Dann die Einrichtung und Konfiguration der Eclipse IDE (Wo finde ich was, wie Erstelle ich ein neues Projekt und Konfiguriere dies sinnvoll), wie starte ich meine Anwendung, wie bediene ich den Debugger, wie Teste ich meine Applikation, wie erstelle ich ein lauffähiges Jar Archiv etc...

Aber vielleicht sollte man auch viel weiter "unten" anfangen und demonstrieren welche Tools das JDK einem an die Hand gibt und wie man damit zurecht kommt. Vielleicht sollte man sogar 1-2 Beispiele auf der Konsole machen (kompilieren, ausführen) (um dann später zeigen zu können weshalb sich eine IDE lohnt ;-) ).
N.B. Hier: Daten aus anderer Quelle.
(* Let $n\ge 2$, fix $\boldsymbol{\rho}^0\in\mathcal{P}_n$ and $\alpha>0$, and let $\mathbf{R}^1,\mathbf{R}^2,\dots$ be independent rankings, each distributed as $\mathrm{Mallows}(\boldsymbol{\rho}^0,\alpha)$ with the footrule distance. Then as $N\to\infty$, $$\mathrm{rank}\Big(\tfrac{1}{N}\sum_{j=1}^{N}R^j_1,\dots,\tfrac{1}{N}\sum_{j=1}^{N}R^j_n\Big)\to \mathrm{rank}\big(\mathbb{E}[R_1\mid\boldsymbol{\rho}^0,\alpha],\dots,\mathbb{E}[R_n\mid\boldsymbol{\rho}^0,\alpha]\big)=\boldsymbol{\rho}^0,$$ where $\mathbf{R}=(R_1,\dots,R_n)\sim\mathrm{Mallows}(\boldsymbol{\rho}^0,\alpha)$.
   Context: $\mathcal{P}_n$ denotes the set of permutations of $\{1,\dots,n\}$; a ranking $\mathbf{r}\in\mathcal{P}_n$ assigns rank $r_i$ to item $i$. The footrule distance is $d(\mathbf{r},\boldsymbol{\rho})=\sum_{i=1}^n|r_i-\rho_i|$. The Mallows distribution $\mathrm{Mallows}(\boldsymbol{\rho}^0,\alpha)$ on $\mathcal{P}_n$ has probability mass function $P(\mathbf{R}=\mathbf{r}\mid\boldsymbol{\rho}^0,\alpha)=\frac{1}{Z_n(\alpha)}\exp\{-\frac{\alpha}{n}d(\mathbf{r},\boldsymbol{\rho}^0)\}$ with normalizing constant $Z_n(\alpha)$. The rank operator on a real vector $(x_1,\dots,x_n)$ is $\mathrm{rank}(x_1,\dots,x_n)=(r_1,\dots,r_n)$ with $r_i=\sum_{j=1}^n\delta(x_i-x_j)$, where $\delta(x)=1$ if $x\ge 0$ and $\delta(x)=0$ if $x<0$. *)

From HB Require Import structures.
From mathcomp Require Import all_boot all_order all_algebra all_fingroup.
From mathcomp Require Import all_classical all_reals all_analysis.
Set Implicit Arguments. Unset Strict Implicit. Unset Printing Implicit Defensive.
Import Order.TTheory GRing.Theory Num.Theory.
Local Open Scope ring_scope.
Local Open Scope classical_set_scope.

(* A ranking of n items is a permutation r : 'S_n; item i (0-based index)
   gets rank rk r i = (r i) + 1 in {1,...,n}. *)
Definition rk (n : nat) (r : 'S_n) (i : 'I_n) : nat := (r i).+1.

Definition footrule (n : nat) (r rho : 'S_n) : nat :=
  (\sum_(i < n) `|(rk r i)%:Z - (rk rho i)%:Z|%N)%N.

Section Mallows.
Variable R : realType.

Definition mallowsZ (n : nat) (rho0 : 'S_n) (alpha : R) : R :=
  \sum_(r : 'S_n) expR (- (alpha / n%:R) * (footrule r rho0)%:R).

Definition mallows (n : nat) (rho0 : 'S_n) (alpha : R) (r : 'S_n) : R :=
  expR (- (alpha / n%:R) * (footrule r rho0)%:R) / mallowsZ rho0 alpha.

Definition mallows_mean (n : nat) (rho0 : 'S_n) (alpha : R) (i : 'I_n) : R :=
  \sum_(r : 'S_n) mallows rho0 alpha r * (rk r i)%:R.

Definition rankv (n : nat) (x : 'I_n -> R) (i : 'I_n) : nat :=
  (\sum_(j < n) nat_of_bool (0 <= x i - x j)%R)%N.

(* (1/N) sum_{j=1}^N R^j_i, where the sequence R^1, R^2, ... is indexed
   from 0: R^{j+1} = Rs j. *)
Definition avg_rank (n : nat) (T : Type) (Rs : nat -> T -> 'S_n)
  (N : nat) (w : T) (i : 'I_n) : R :=
  N%:R^-1 * \sum_(j < N) (rk (Rs j w) i)%:R.
End Mallows.

(* Rs is a sequence of independent random rankings, each distributed as
   Mallows(rho0, alpha): every event {Rs j = r} is measurable, and for every
   finite set J of indices (a duplicate-free list) and every choice of
   rankings r_j, P(forall j in J, Rs j = r_j) = prod_{j in J} mallows(r_j). *)
Definition iid_mallows (R : realType) (d : measure_display)
  (T : measurableType d) (P : probability T R) (n : nat)
  (Rs : nat -> T -> 'S_n) (rho0 : 'S_n) (alpha : R) : Prop :=
  (forall (j : nat) (r : 'S_n), measurable [set w : T | Rs j w = r]) /\
  (forall (J : seq nat) (r : nat -> 'S_n), uniq J ->
     P [set w : T | forall j, j \in J -> Rs j w = r j] =
     ((\prod_(j <- J) mallows rho0 alpha (r j))%:E)%E).

From HB Require Import structures.
From mathcomp Require Import all_boot all_order all_algebra all_fingroup.
From mathcomp Require Import all_classical all_reals all_analysis.
From mathcomp Require Import zify ring lra.
Set Implicit Arguments.
Unset Strict Implicit.
Unset Printing Implicit Defensive.
Import Order.TTheory GRing.Theory Num.Theory.
Local Open Scope ring_scope.
Local Open Scope classical_set_scope.

(* Let rho_i < rho_j. Pairing every ranking r with (i j) r, the one of the two
   that orders i and j as rho is at least as close to rho in footrule distance,
   hence at least as likely; the pair (rho, (i j) rho) is strictly unbalanced.
   So E[R_j - R_i] > 0: the expected ranks are ordered as rho and their rank
   vector is rho. The increments R^k_j - R^k_i are i.i.d. with positive mean,
   so by a Chernoff bound the probability that their first N terms have a
   nonpositive sum decays geometrically; by Borel-Cantelli, almost surely all
   the averaged ranks are eventually ordered as rho, and so is their rank
   vector. *)

Lemma expR_le_quadratic {R : realType} (u : R) :
  u <= 1 / 2 -> expR u <= 1 + u + 2 * u ^+ 2.
Proof.
move=> u_le; have u_lt1 : 0 < 1 - u by lra.
have exp_le : expR u <= (1 - u)^-1.
  rewrite -[expR u]invrK -expRN lef_pV2 ?posrE ?expR_gt0 //.
  by have := expR_ge1Dx (- u); lra.
apply: le_trans exp_le _; rewrite -[_^-1]mul1r ler_pdivrMr //; nra.
Qed.

Lemma geometric_partial_sum_le (R : realFieldType) (q : R) (m : nat) :
  0 <= q < 1 -> \sum_(N < m) q ^+ N <= (1 - q)^-1.
Proof.
move=> /andP[q_ge0 q_lt1]; have q1_gt0 : 0 < 1 - q by lra.
have telescope : (1 - q) * \sum_(N < m) q ^+ N = 1 - q ^+ m.
  elim: m => [|m IH]; first by rewrite big_ord0 mulr0 expr0 subrr.
  by rewrite big_ord_recr /= mulrDr IH exprS; ring.
rewrite -[_ <= _](ler_pM2l q1_gt0) telescope mulfV ?gt_eqF //.
by have := exprn_ge0 m q_ge0; lra.
Qed.

Lemma nneseries_expr_lt_pinfty (R : realType) (q : R) : 0 <= q < 1 ->
  (\sum_(N <oo) (q ^+ N)%:E < +oo)%E.
Proof.
move=> q01; have q_ge0 : 0 <= q by case/andP: q01.
apply: le_lt_trans (ltry (1 - q)^-1); apply: lime_le.
  by apply: is_cvg_nneseries => N _ _; rewrite lee_fin exprn_ge0.
by apply: nearW => m; rewrite sumEFin lee_fin big_mkord geometric_partial_sum_le.
Qed.

Lemma sum_ffun_prod (R : comSemiRingType) (I : finType) (N : nat) (g : I -> R) :
  \sum_(F : {ffun 'I_N -> I}) \prod_(k < N) g (F k) = (\sum_i g i) ^+ N.
Proof.
by rewrite -[N in RHS]card_ord -prodr_const bigA_distr_bigA.
Qed.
Na ja, man wird sich da schon noch was überlegen.

Wobei wir bei der IDE nicht auf Eclipse festgenagelt ist...

...aber man kann ja mal schön weiter fleißig Vorachläge sammeln ;-)

Weiterhin muss man sich noch klar werden für welche Zielgruppe solch ein Workshop gestaltet werden soll, für den Start wird's wohl eher was für Anfänger.

Gruß Tom


----------



## hpvw (30. Dezember 2004)

Auch wenn ich persönlich Eclipse genial finde, denke ich, sollte man einen Javaworkshop nicht über, sondern mit Eclipse machen. Ansonsten wäre es ein Eclipseworkshop.
Dass man Eclipse verwendet, und nebenbei den ein oder anderen Shortcut vorführt hilft sicher den meisten.
Ansonsten müsste man sich schon die Zielgruppe dieses Workshops überlegen.
Man muss ja den Anfänger nicht mit Autoboxing und Generics "überfordern".
Da sind Sachen, wie


			
				JBeni hat gesagt.:
			
		

> Aufbau eines Programmes; wie baut man Klassen/Methoden, wie sorgt man für den Fluss der Daten, Dokumentation, was sind Interfaces/abstrakte Klassen...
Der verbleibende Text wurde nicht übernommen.